Yes, absolutely. We can make conscious choices to override this wired laziness. As I said, we can choose to get off the couch or go out for a run. But when you do, your body is still going to be tuning your movements so that it's doing it in the most efficient way possible. That can be viewed as a good thing or a bad thing, I suppose. If you are running just to lose weight, then maybe you wish you weren't as efficient or your nervous system weren't as clever. But when you're running in a race or marathon, you want your body to be quite efficient and save some of that energy for the final push.
How do you think people became so good at optimizing movement?
Well, we've known for a long time that people do walk in the way that's most energetically optimal. That's not the new finding. We know that out of a whole range of gait parameters that someone can select — their speed, step frequency, or muscle coordination — they choose those that are metabolically efficient. But what we haven't known, and what this study has added to the body of literature, is over what timescale this preference is formed.
You can imagine that this could have occurred over evolutionary time. We might have evolved to move this way. Or it might have occurred over the course of our lifetime. Perhaps this took years and years of walking to learn. But what we've shown is that it's something we can continually optimize in real time, over quite short time scales. At the moment we are conducting experiments to try to figure out exactly how the body solves this very complex optimization problem so quickly.
In other words, the findings showed it was not evolutionary or it was both evolutionary and during the course of a lifetime?
What our study showed in particular is that this is something that happens continuously, in real time. It is still likely that we have evolved the ability to do this, but it's not the case that our chosen gait is just hardwired. We can adapt to our surroundings remarkably well and tune our movements to new environments and constraints.

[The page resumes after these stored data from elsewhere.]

Lemma hom_pcl (B : alg) h t : is_hom ar presented B h ->
  h (pcl t) = eval ar B (fun n => h (gen n)) t.
Proof.
move=> Hh; rewrite -(hom_eval _ _ _ _ _ Hh) (eval_quot _ _ pres_eq_congruence).
by rewrite eval_term_alg subst_Var.
Qed.

Lemma presented_fin_gen : fin_gen ar presented.
Proof.
exists [seq gen n | n <- ws] => x; rewrite -(qrepK _ _ x).
elim: (qrep _ _ x) => [n|f us IH]; last first.
  by rewrite (qcl_hom _ _ pres_eq_congruence f us); apply: gen_op.
case/boolP: (n \in ws) => [/In_mem n_ws | n_ws].
  by apply: gen_base; apply/List.in_map_iff; exists n.
have -> : pcl (Var ar n) = pcl const_term.
  apply/(qcl_eq _ _ pres_eq_congruence) => B _ v _.
  by rewrite /= {1}/pin (negbTE n_ws); apply: (eval_const_term B v (pin B v)).
rewrite (qcl_hom _ _ pres_eq_congruence f0); apply: gen_op => -[i].
by rewrite f0_const.
Qed.

Lemma sat_rels_gen : sat_conj ar presented gen rels.
Proof.
move=> e He; rewrite /sat_eq -!(hom_pcl _ id) //; apply/(qcl_eq _ _ pres_eq_congruence).
move=> B _ v Hv; apply: (sat_eq_eq_on _ _ v _ _ (rels_ws e He) _).1 (Hv e He).
by move=> n /pin_ws ->.
Qed.

Lemma lift_model (B : alg) v : in_var ar V B -> sat_conj ar B v rels ->
  exists h, is_hom ar presented B h /\ forall n, List.In n ws -> h (gen n) = v n.
Proof.
move=> HB Hv; pose h (x : car presented) := eval ar B (pin B v) (qrep term_alg pres_eq x).
have h_pcl u : h (pcl u) = eval ar B (pin B v) u.
  exact: (qrep_qcl _ _ pres_eq_congruence u B HB v Hv).
exists h; split=> [f args | n n_ws]; last first.
  by rewrite -(pin_ws B v n n_ws); apply: (h_pcl (Var ar n)).
by rewrite /= h_pcl.
Qed.

Lemma forall_hom_presented (Phi : forall B : alg, car B -> car B -> car B -> car B -> Prop) :
  (forall B h, in_var ar V B -> is_hom ar presented B h ->
     Phi B (h (pcl s1)) (h (pcl s2)) (h (pcl t1)) (h (pcl t2))) <->
  (forall B, in_var ar V B -> forall v, sat_conj ar B v rels ->
     Phi B (eval ar B v s1) (eval ar B v s2) (eval ar B v t1) (eval ar B v t2)).
Proof.
split=> [Hhom B HB v Hv | Hmod B h HB Hh].
  have [h [Hh h_gen]] := lift_model B v HB Hv.
  have Eh u : vars_in ar inws u -> h (pcl u) = eval ar B v u.
    by move=> u_ws; rewrite hom_pcl //; apply: eval_eq_on u_ws h_gen.
  by rewrite -!Eh //; apply: Hhom.
by rewrite !hom_pcl //; apply/Hmod/sat_conj_hom/sat_rels_gen.
Qed.

Lemma Cg_presented :
  Cg ar presented (pcl t1) (pcl t2) (pcl s1) (pcl s2) <-> valid_quasi_identity rels.
Proof.
rewrite (Cg_iff_hom _ _ _ _ _ _ presented_in_var).
exact: (forall_hom_presented (fun B p q r s => r = s -> p = q)).
Qed.

Lemma homs_presented :
  (forall B h, in_var ar V B -> is_hom ar presented B h ->
     gamma_to_phi B (h (pcl s1)) (h (pcl s2)) (h (pcl t1)) (h (pcl t2))) <->
  valid_guarded rels.
Proof. exact: (forall_hom_presented gamma_to_phi). Qed.

Lemma presented_conservative :
  (exists (C : alg) (e : car presented -> car C),
    [/\ in_var ar V C, is_embedding ar presented C e &
        exists c, sat_conj ar C
          (asg4 ar C (e (pcl s1)) (e (pcl s2)) (e (pcl t1)) (e (pcl t2)) c) gam]) ->
  forall sg, eq_vars_in ar inws sg ->
  (forall B, in_var ar V B -> forall v,
     sat_conj ar B v rels -> sat_conj ar B v gam' -> sat_eq ar B v sg) ->
  forall B, in_var ar V B -> forall v, sat_conj ar B v rels -> sat_eq ar B v sg.
Proof.
move=> [C [e [HC [He e_inj] [c Hgam]]]] sg sg_ws Hsg B HB v Hv.
have [_ gam_vars _] := shape.
have e_rels := sat_conj_hom _ _ _ _ _ He sat_rels_gen.
have := Hsg C HC _ (sat_update_ws _ _ c _ rels_ws e_rels).
rewrite sat_subst_update // -!hom_pcl // => /(_ Hgam).
rewrite (sat_eq_eq_on _ _ _ _ _ sg_ws (update_ws _ _ c)) /sat_eq -!hom_pcl //.
move=> /e_inj /(qcl_eq _ _ pres_eq_congruence) /(_ B HB v Hv).
by rewrite /sat_eq !(eval_eq_on _ _ (pin B v) v _ _ (pin_ws _ _)); case: sg_ws.
Qed.

End Presentation.

End Guard.

Lemma gdt_semantic V : guarded_deduction_theorem ar V -> semantic_condition ar V.
Proof.
move=> [zs [gam [phi [shape gdt]]]]; exists zs, gam, phi; split=> // A HA fgA a1 a2 b1 b2.
have [ws [g [tr [ws_fresh trP]]]] := fin_gen_fresh A zs a1 fgA.
move: (tr a1) (tr a2) (tr b1) (tr b2) (trP a1) (trP a2) (trP b1) (trP b2).
move=> s1 s2 t1 t2 [s1_ws <-] [s2_ws <-] [t1_ws <-] [t2_ws <-].
have {}gdt pi (Dpi : diagram (ws:=ws) (g:=g) pi) :=
  gdt ws ws_fresh s1 s2 t1 t2 s1_ws s2_ws t1_ws t2_ws pi Dpi.1.
have guard_update := valid_guarded_update shape ws_fresh s1_ws s2_ws t1_ws t2_ws.
split.
  apply: (embedding_gamma s1_ws s2_ws t1_ws t2_ws HA trP) => pi Dpi sg sg_ws.
  exact: ((gdt pi Dpi).2 sg sg_ws).1.
rewrite (Cg_diagram s1_ws s2_ws t1_ws t2_ws HA trP).
rewrite (homs_diagram shape ws_fresh s1_ws s2_ws t1_ws t2_ws trP).
split=> -[pi [Dpi Hpi]]; exists pi; split=> //; have [Hi _] := gdt pi Dpi.
  by apply/guard_update/Hi.1.
by apply/Hi.2/guard_update.
Qed.

Lemma semantic_gdt V f0 : ar f0 = 0 -> semantic_condition ar V -> guarded_deduction_theorem ar V.
Proof.
move=> f0_const [zs [gam [phi [shape sem]]]]; exists zs, gam, phi; split=> //.
move=> ws ws_fresh /= s1 s2 t1 t2 s1_ws s2_ws t1_ws t2_ws pi pi_ws /=.
pose pcl := qcl term_alg (pres_eq (V:=V) (ws:=ws) (rels:=pi) (f0:=f0)).
have [emb Cg_homs] := sem _ (presented_in_var (ws:=ws) (rels:=pi) (f0:=f0))
  (presented_fin_gen f0_const) (pcl s1) (pcl s2) (pcl t1) (pcl t2).
split; last first.
  move=> sg sg_ws; split=> [|H B HB v Hv _]; last exact: H.
  exact: (presented_conservative shape ws_fresh s1_ws s2_ws t1_ws t2_ws pi_ws emb).
rewrite -(valid_guarded_update shape ws_fresh s1_ws s2_ws t1_ws t2_ws).
rewrite -(homs_presented (f0:=f0) s1_ws s2_ws t1_ws t2_ws pi_ws) -Cg_homs.
exact: iff_sym (Cg_presented (f0:=f0) s1_ws s2_ws t1_ws t2_ws pi_ws).
Qed.

End UniversalAlgebra.

Theorem proposition5p5 (F : Type) (ar : F -> nat)
    (has_const : exists f : F, ar f = 0) (V : variety ar) :
  guarded_deduction_theorem ar V <-> semantic_condition ar V.
Proof.
case: has_const => f0 f0_const.
by split; [apply: gdt_semantic | apply: semantic_gdt f0_const].
Qed.
(* Let $G$ be the corresponding graph of an array $A$ with reach one and let $F$ be a resulting DFS forest of $G$. Let $H=F$ if all components of $F$ are directed paths; otherwise let $H$ be the graph obtained by merging the sub-trees of $F$. Let $H_1$ and $H_2$ be two distinct components of $H$, and apply the component merge to $H_1$ and $H_2$. Then the resulting graph contains a directed Hamiltonian path of the merged component, i.e. a directed path visiting every vertex of $V(H_1)\cup V(H_2)$ exactly once.
   Context: An array is a finite sequence $A=(A[1],\dots,A[n])$ of pairwise distinct real numbers. The corresponding graph of $A$ with reach one is the directed graph on $\{1,\dots,n\}$ with an arc $(i,j)$ whenever $j\equiv i\pm1\pmod n$, $j\ne i$, and $A[i]<A[j]$. DFS is run with adjacency lists sorted in increasing $A$-value and a visiting list containing all vertices; the resulting DFS forest consists of the arcs $(\mathrm{parent}(w),w)$ along which DFS discovers vertices; components are components of the underlying undirected graph, each a rooted tree. Merging the sub-trees of $F$: for each component of $F$ whose root has exactly two children $a_1,b_1$, set $p=a_1$, $q=b_1$ and, while both are defined: if $A[p]<A[q]$ add the arc $(p,q)$ and replace $p$ by its smallest-valued child in $F$ (undefined if none); otherwise add the arc $(q,p)$ and replace $q$ by its smallest-valued child in $F$ (undefined if none). Component merge of two distinct components $C,D$: set $p,q$ to the minimum-valued vertices of $C,D$; while both are defined: if $A[p]<A[q]$ add the arc $(p,q)$ and replace $p$ by the smallest-valued out-neighbour of $p$ within $C$ (ignoring arcs added during this merge; undefined if none); otherwise add $(q,p)$ and replace $q$ analogously within $D$. *)

(* Vertices of an array of length n are 'I_n (0-based). *)
From HB Require Import structures.
From mathcomp Require Import all_boot all_order all_algebra.
From mathcomp Require Import reals.
Set Implicit Arguments. Unset Strict Implicit. Unset Printing Implicit Defensive.
Import Order.TTheory GRing.Theory Num.Theory.
Local Open Scope ring_scope.

Definition arcrel (T : eqType) (E : seq (T * T)) : rel T := fun x y => (x, y) \in E.
Definition symarc (T : eqType) (E : seq (T * T)) : rel T :=
  fun x y => arcrel E x y || arcrel E y x.

Section ArrayGraphs.
Variables (R : realType) (n : nat) (A : 'I_n -> R).
Local Notation V := 'I_n.

Definition reach1_arc (i j : V) : bool :=
  [&& j != i, (val j == (val i).+1 %% n)%N || (val i == (val j).+1 %% n)%N
    & A i < A j].

Definition sort_by_val (s : seq V) : seq V := sort (fun a b : V => A a <= A b) s.
Definition min_by_val (s : seq V) : option V := ohead (sort_by_val s).

Definition adj (v : V) : seq V := sort_by_val [seq w <- enum V | reach1_arc v w].

(* DFS visit from v; returns (visited vertices, discovery arcs (parent w, w)) *)
Fixpoint dfs_visit (fuel : nat) (vis : seq V) (v : V) : seq V * seq (V * V) :=
  match fuel with
  | 0 => (vis, [::])
  | f.+1 =>
    foldl (fun (st : seq V * seq (V * V)) w =>
             if w \in st.1 then st
             else let r := dfs_visit f st.1 w in (r.1, st.2 ++ (v, w) :: r.2))
          (v :: vis, [::]) (adj v)
  end.

Definition dfs_forest (order : seq V) : seq (V * V) :=
  (foldl (fun (st : seq V * seq (V * V)) v =>
            if v \in st.1 then st
            else let r := dfs_visit n.+1 st.1 v in (r.1, st.2 ++ r.2))
         ([::], [::]) order).2.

That was the motivation behind using the exoskeletons. We wanted to drop subjects into a totally new world where suddenly there are new rules around the optimal way to move. That way any walking strategies they may have learned over evolutionary or developmental timescales are obsolete. Instead, in order to move in an optimal manner in this new world, they have be able to sense and optimize energetic cost in real time. And, we found, this was indeed what they did.
Do you think these findings have practical considerations for someone who does exercise? Say someone who is running — should they change the way they're thinking about running?
I don't think our results suggest that someone should change the way they run, at least not if the goal is to improve economy. In some running circles, people advocate that athletes should run at a certain cadence or change their cadence so they are no longer at their preferred. Our results suggest that you probably can't do much better than what your nervous system is already doing. Your body tends to pick the cadence that is optimal for you.
And that brings me to my last question: I saw that the U.S Army provided a grant for the study, and I was curious whether there was a specific reason for that.
Max [Donelan, the principal investigator of the research group] was awarded a grant from the U.S Army. The money from this grant has been used to explore fundamental research questions, aimed at understanding why people move the way they do. The army is also interested in the application of these principles in the design of exoskeletons or assistance devices, potentially to restore or even enhance movement.